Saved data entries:

* * *

Lemma P_smooth : smooth_on (fun s => 0 < s < d0) P.
Proof.
  apply (smooth_on_ext _ (open_interval_0 d0)
           (fun s => p s * (/ kappa gamma * Rpower s (- gamma)) + -1)).
  - intros s Hs; rewrite p_near0, Rpower_Ropp by exact Hs.
    pose proof kappa_pos; pose proof (Rpower_pos s gamma); field; lra.
  - apply smooth_on_plus; [apply open_interval_0| |intros n x _; apply ex_derive_n_const].
    apply smooth_on_mult; [apply open_interval_0|intros n x Hx; apply p_smooth; lra|].
    intros n x Hx; apply ex_derive_n_scal_l, smooth_on_Rpower; lra.
Qed.

Lemma P_bigO : bigO_C2 (2 * th) P (Derive P) (Derive_n P 2).
Proof.
  replace (2 * th) with (gamma - 1 - INR 0) by (simpl; unfold theta; field).
  exact (bigO_C2_Derive_n P _ C d0 0 d0_pos P_smooth
           (fun s Hs k Hk => P_bounds s Hs k ltac:(lia))).
Qed.

Lemma Derive_P_bigO : bigO_C2 (2 * th - 1) (Derive P) (Derive_n P 2) (Derive_n P 3).
Proof.
  replace (2 * th - 1) with (gamma - 1 - INR 1) by (simpl; unfold theta; field).
  exact (bigO_C2_Derive_n P _ C d0 1 d0_pos P_smooth
           (fun s Hs k Hk => P_bounds s Hs k ltac:(lia))).
Qed.

Definition dp_corr (s : R) : R := P s + s * / gamma * Derive P s.

Definition denom_corr (s : R) : R :=
  eps * kappa gamma * Rpower s (2 * th) * (1 + P s).

Lemma Derive_p_near0 s : 0 < s < d0 ->
  Derive p s = th ^ 2 * Rpower s (2 * th) * (1 + dp_corr s).
Proof.
  intros Hs.
  assert (Hp' : is_derive p s (kappa gamma * gamma * Rpower s (gamma - 1) * (1 + P s)
                               + kappa gamma * Rpower s gamma * Derive P s)).
  { apply (is_derive_ext_open _ (fun t => kappa gamma * Rpower t gamma * (1 + P t)) p s _
             (open_interval_0 d0) Hs).
    - intros t Ht; symmetry; apply p_near0, Ht.
    - eapply is_derive_eq; [apply is_derive_Rmult;
        [apply is_derive_scal_Rpower; lra|apply (is_derive_plus (fun _ => 1) P)];
        [apply is_derive_const|apply Derive_correct, (P_smooth 1%nat), Hs]|].
      rewrite plus_zero_l; reflexivity. }
  rewrite (is_derive_unique _ _ _ Hp'); unfold dp_corr.
  replace (gamma - 1) with (2 * th) by (unfold theta; field).
  rewrite Rpower_gamma by lra; unfold kappa, theta; field; lra.
Qed.

Lemma denom_near0 s : 0 < s < d0 -> s + eps * p s = s * (1 + denom_corr s).
Proof.
  intros Hs; rewrite p_near0 by exact Hs; unfold denom_corr.
  rewrite Rpower_gamma by lra; ring.
Qed.

Lemma k_integrand_near0 s : 0 < s < d0 -> 0 < 1 + denom_corr s ->
  k_integrand eps p s = th * Rpower s (th - 1) * sqrt (1 + dp_corr s) / (1 + denom_corr s).
Proof.
  intros Hs HD; unfold k_integrand; rewrite Derive_p_near0, denom_near0 by exact Hs.
  pose proof theta_pos; pose proof (Rpower_pos s th).
  replace (th ^ 2 * Rpower s (2 * th)) with ((th * Rpower s th) ^ 2)
    by (replace (2 * th) with (th + th) by ring; rewrite Rpower_plus; ring).
  rewrite sqrt_mult_alt, sqrt_pow2 by (apply pow2_ge_0 || nra).
  replace th with (th - 1 + 1) at 2 by ring; rewrite Rpower_plus_1 by lra.
  field; lra.
Qed.

Lemma dp_corr_bigO : exists B1 B2, bigO_C2 (2 * th) dp_corr B1 B2.
Proof.
  unfold dp_corr; eexists _, _; eapply (bigO_C2_plus _ _ _ _ _ _ _ P_bigO).
  eapply bigO_C2_weaken; [|apply (bigO_C2_mult _ _ _ _ _ _ _ _
    (bigO_C2_mult _ _ _ _ _ _ _ _ bigO_C2_id (bigO_C2_const (/ gamma))) Derive_P_bigO)].
  lra.
Qed.

Lemma denom_corr_bigO : exists D1 D2, bigO_C2 (2 * th) denom_corr D1 D2.
Proof.
  pose proof theta_pos.
  eexists _, _; eapply bigO_C2_weaken; [|apply (bigO_C2_mult _ _ _ _ _ _ _ _
    (bigO_C2_mult _ _ _ _ _ _ _ _ (bigO_C2_const (eps * kappa gamma)) (bigO_C2_Rpower (2 * th)))
    (bigO_C2_plus _ _ _ _ _ _ _ (bigO_C2_const 1)
       (bigO_C2_weaken (2 * th) 0 _ _ _ ltac:(lra) P_bigO)))].
  lra.
Qed.

(* With [U] and [V] as below, the integrand is [th * s^(th - 1) * (1 + U) * (1 + V)]. *)
Definition k_corr (s : R) : R :=
  let U := sqrt (1 + dp_corr s) - 1 in
  let V := / (1 + denom_corr s) - 1 in
  th * Rpower s (th - 1) * (U + V + U * V).

Lemma k_corr_bigO : exists G1 G2, bigO_C2 (3 * th - 1) k_corr G1 G2.
Proof.
  pose proof theta_pos.
  destruct dp_corr_bigO as (B1 & B2 & HB); destruct denom_corr_bigO as (D1 & D2 & HD).
  pose proof (bigO_C2_comp _ _ _ _ _ _ _ 1 HB ltac:(lra) ltac:(lra) sqrt_1_plus_C2_bounded) as HU.
  pose proof (bigO_C2_comp _ _ _ _ _ _ _ 16 HD ltac:(lra) ltac:(lra) inv_1_plus_C2_bounded) as HV.
  eexists _, _; eapply bigO_C2_weaken; [|apply (bigO_C2_mult _ _ _ _ _ _ _ _
    (bigO_C2_mult _ _ _ _ _ _ _ _ (bigO_C2_const th) (bigO_C2_Rpower (th - 1)))
    (bigO_C2_plus _ _ _ _ _ _ _ (bigO_C2_plus _ _ _ _ _ _ _ HU HV)
       (bigO_C2_weaken (2 * th + 2 * th) (2 * th) _ _ _ ltac:(lra)
          (bigO_C2_mult _ _ _ _ _ _ _ _ HU HV))))].
  lra.
Qed.

Lemma k_integrand_expansion : exists d, 0 < d /\ forall s, 0 < s < d ->
  k_integrand eps p s = th * Rpower s (th - 1) + k_corr s /\ 0 <= k_integrand eps p s.
Proof.
  pose proof theta_pos.
  destruct dp_corr_bigO as (B1 & B2 & HB); destruct denom_corr_bigO as (D1 & D2 & HD).
  destruct (bigO_C2_small _ _ _ _ HB ltac:(lra) (1/2)) as (dB & HdB & HsB); [lra|].
  destruct (bigO_C2_small _ _ _ _ HD ltac:(lra) (1/2)) as (dD & HdD & HsD); [lra|].
  exists (Rmin d0 (Rmin dB dD)); split; [repeat apply Rmin_glb_lt; lra|].
  intros s Hs; apply interval_0_Rmin in Hs as [Hs0 Hs].
  apply interval_0_Rmin in Hs as [HsB' HsD'].
  specialize (HsB s HsB'); specialize (HsD s HsD').
  apply Rabs_le_between in HsB; apply Rabs_le_between in HsD.
  pose proof (Rpower_pos s (th - 1)); pose proof (sqrt_pos (1 + dp_corr s)).
  rewrite k_integrand_near0 by lra; unfold k_corr; split.
  - field; lra.
  - apply Rdiv_le_0_compat; [|lra]; apply Rmult_le_pos; [apply Rmult_le_pos|]; lra.
Qed.

End Pressure.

* * *

### [Task]
Copy out only the lines of the records above from the one with "[apply is_derive_scal_Rpower; lra|apply" through the one with "rewrite (is_derive_unique _", exactly as they stand, both included.

### [Written response]
        [apply is_derive_scal_Rpower; lra|apply (is_derive_plus (fun _ => 1) P)];
        [apply is_derive_const|apply Derive_correct, (P_smooth 1%nat), Hs]|].
      rewrite plus_zero_l; reflexivity. }
  rewrite (is_derive_unique _ _ _ Hp'); unfold dp_corr.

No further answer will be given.